● **Your task**
Please state how many lines in the records below contain the word "decreasing"; the answer should be a number and nothing else.
● ● ●
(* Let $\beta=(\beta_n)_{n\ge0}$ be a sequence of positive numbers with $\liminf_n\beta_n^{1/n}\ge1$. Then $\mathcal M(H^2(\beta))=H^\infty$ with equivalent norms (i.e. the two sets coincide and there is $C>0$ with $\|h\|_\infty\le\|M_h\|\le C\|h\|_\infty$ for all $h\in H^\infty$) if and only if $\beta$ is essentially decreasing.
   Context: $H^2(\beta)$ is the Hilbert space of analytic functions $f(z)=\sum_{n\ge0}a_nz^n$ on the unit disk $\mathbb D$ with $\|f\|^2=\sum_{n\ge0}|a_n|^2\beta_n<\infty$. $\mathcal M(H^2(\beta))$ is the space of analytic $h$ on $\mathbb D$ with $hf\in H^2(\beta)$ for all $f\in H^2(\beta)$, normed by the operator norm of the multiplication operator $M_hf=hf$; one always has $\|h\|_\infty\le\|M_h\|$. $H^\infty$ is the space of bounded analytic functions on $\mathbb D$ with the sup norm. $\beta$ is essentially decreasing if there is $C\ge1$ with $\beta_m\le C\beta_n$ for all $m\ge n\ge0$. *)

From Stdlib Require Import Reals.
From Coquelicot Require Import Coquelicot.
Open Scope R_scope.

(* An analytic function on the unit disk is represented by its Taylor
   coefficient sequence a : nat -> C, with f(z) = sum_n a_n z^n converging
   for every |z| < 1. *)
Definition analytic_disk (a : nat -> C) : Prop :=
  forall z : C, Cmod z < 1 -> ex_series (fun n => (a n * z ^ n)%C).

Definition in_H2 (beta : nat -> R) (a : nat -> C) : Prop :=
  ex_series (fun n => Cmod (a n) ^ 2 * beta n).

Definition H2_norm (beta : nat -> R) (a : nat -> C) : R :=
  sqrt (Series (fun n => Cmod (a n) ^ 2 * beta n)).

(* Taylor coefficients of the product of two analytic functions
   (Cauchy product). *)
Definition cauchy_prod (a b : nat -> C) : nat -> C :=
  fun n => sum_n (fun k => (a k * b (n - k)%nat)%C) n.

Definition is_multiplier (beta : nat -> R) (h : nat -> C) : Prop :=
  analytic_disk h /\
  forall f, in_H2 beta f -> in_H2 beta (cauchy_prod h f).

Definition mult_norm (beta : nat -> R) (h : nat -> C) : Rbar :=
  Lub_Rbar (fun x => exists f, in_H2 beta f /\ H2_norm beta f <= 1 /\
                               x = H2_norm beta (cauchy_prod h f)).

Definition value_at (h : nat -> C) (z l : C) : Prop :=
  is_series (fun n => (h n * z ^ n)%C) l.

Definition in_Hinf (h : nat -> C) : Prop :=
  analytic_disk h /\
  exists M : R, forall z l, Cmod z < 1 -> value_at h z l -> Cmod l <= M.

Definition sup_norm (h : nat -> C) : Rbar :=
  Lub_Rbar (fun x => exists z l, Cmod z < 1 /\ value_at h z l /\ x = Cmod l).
● ● ●
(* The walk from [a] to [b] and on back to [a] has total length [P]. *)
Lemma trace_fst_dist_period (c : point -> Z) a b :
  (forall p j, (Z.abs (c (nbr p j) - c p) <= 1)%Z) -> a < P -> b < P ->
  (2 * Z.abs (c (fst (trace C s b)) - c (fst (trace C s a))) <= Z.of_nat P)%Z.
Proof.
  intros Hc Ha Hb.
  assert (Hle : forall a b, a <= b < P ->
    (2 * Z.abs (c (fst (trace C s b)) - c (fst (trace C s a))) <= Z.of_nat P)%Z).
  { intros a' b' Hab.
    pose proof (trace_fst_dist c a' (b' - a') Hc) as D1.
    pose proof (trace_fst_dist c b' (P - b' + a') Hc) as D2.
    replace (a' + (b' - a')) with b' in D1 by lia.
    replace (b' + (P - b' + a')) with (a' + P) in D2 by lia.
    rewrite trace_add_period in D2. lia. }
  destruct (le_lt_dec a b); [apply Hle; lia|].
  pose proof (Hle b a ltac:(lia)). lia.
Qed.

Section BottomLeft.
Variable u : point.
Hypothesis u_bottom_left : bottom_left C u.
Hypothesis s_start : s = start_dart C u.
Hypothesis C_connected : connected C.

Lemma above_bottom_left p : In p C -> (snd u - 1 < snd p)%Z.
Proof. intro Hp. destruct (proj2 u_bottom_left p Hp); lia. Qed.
● ● ●
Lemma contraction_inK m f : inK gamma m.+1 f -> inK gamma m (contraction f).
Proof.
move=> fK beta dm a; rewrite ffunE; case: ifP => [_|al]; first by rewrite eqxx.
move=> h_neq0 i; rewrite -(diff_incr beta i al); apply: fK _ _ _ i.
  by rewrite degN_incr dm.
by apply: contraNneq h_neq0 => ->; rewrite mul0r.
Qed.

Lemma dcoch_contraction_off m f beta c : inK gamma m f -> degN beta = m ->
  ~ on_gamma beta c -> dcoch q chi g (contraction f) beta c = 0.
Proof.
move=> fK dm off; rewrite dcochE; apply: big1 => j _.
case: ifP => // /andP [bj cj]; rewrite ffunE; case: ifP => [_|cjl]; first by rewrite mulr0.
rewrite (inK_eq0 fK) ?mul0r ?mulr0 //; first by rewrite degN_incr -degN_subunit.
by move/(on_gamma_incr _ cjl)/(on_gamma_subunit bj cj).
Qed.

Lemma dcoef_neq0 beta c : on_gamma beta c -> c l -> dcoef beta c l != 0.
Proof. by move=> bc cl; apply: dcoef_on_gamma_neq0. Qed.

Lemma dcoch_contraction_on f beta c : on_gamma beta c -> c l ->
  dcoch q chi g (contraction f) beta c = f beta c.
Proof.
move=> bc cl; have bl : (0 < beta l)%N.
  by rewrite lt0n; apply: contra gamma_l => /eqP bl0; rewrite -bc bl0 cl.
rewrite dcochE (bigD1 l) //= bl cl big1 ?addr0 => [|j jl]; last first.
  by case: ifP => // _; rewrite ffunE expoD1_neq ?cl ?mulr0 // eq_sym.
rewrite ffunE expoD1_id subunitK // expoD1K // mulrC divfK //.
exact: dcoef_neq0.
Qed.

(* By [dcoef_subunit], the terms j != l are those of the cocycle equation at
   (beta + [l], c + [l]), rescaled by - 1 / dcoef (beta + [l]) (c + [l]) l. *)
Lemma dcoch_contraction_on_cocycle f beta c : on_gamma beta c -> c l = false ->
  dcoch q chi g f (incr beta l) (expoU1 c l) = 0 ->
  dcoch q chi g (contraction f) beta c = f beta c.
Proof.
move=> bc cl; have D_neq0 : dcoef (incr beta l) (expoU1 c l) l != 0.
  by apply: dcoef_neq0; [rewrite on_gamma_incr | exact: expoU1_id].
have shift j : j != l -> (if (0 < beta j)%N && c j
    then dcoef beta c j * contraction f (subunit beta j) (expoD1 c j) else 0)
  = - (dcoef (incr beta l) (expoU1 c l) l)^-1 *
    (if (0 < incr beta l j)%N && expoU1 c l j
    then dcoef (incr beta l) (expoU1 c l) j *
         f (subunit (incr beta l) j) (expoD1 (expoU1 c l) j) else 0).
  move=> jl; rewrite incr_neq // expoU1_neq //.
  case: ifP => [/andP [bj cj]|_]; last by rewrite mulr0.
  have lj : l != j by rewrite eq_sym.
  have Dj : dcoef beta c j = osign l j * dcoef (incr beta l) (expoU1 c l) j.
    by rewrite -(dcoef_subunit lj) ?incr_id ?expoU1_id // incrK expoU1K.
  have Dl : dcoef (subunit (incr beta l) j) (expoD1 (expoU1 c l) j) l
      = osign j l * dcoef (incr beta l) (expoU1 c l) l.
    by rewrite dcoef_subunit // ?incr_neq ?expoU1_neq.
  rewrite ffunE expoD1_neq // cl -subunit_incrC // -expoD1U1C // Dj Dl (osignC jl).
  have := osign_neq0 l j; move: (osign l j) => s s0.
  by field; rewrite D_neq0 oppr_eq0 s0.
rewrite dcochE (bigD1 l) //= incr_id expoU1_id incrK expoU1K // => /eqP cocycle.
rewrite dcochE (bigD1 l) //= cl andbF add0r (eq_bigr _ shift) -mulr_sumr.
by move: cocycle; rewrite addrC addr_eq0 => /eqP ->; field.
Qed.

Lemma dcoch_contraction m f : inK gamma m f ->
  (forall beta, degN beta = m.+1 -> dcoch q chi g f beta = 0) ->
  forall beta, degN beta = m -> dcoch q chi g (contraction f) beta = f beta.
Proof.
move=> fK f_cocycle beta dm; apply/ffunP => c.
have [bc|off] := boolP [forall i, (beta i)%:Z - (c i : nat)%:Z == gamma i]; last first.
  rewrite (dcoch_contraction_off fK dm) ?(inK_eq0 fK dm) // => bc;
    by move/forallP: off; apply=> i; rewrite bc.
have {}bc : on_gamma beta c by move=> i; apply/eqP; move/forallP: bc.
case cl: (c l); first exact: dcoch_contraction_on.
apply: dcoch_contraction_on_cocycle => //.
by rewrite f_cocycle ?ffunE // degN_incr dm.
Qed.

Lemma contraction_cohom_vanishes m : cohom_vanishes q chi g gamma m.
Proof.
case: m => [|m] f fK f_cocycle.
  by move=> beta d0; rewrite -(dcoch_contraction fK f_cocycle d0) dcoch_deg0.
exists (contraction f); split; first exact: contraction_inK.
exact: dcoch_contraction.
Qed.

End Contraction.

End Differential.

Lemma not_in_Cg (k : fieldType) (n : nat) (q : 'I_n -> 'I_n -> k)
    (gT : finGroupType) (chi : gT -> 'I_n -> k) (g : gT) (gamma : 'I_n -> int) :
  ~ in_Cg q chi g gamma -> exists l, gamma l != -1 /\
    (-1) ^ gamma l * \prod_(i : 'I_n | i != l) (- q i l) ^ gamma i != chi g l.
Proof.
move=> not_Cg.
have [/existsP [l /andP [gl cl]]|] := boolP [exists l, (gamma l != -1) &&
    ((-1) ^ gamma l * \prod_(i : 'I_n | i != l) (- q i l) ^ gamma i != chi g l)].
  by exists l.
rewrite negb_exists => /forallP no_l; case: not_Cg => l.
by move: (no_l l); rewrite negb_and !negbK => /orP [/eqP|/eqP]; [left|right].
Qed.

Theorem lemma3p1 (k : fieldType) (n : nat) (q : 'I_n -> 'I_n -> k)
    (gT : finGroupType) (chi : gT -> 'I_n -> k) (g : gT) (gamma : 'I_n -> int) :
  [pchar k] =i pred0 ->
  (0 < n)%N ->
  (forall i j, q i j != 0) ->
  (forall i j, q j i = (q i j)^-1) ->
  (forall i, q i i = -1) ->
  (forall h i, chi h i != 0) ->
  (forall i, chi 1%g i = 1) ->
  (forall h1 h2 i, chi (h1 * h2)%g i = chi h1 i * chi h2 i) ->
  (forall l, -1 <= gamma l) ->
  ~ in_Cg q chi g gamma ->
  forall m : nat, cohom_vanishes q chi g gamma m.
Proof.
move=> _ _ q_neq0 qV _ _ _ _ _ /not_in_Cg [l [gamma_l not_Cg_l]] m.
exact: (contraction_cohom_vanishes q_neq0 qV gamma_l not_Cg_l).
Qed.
● ● ●
● **Result**
2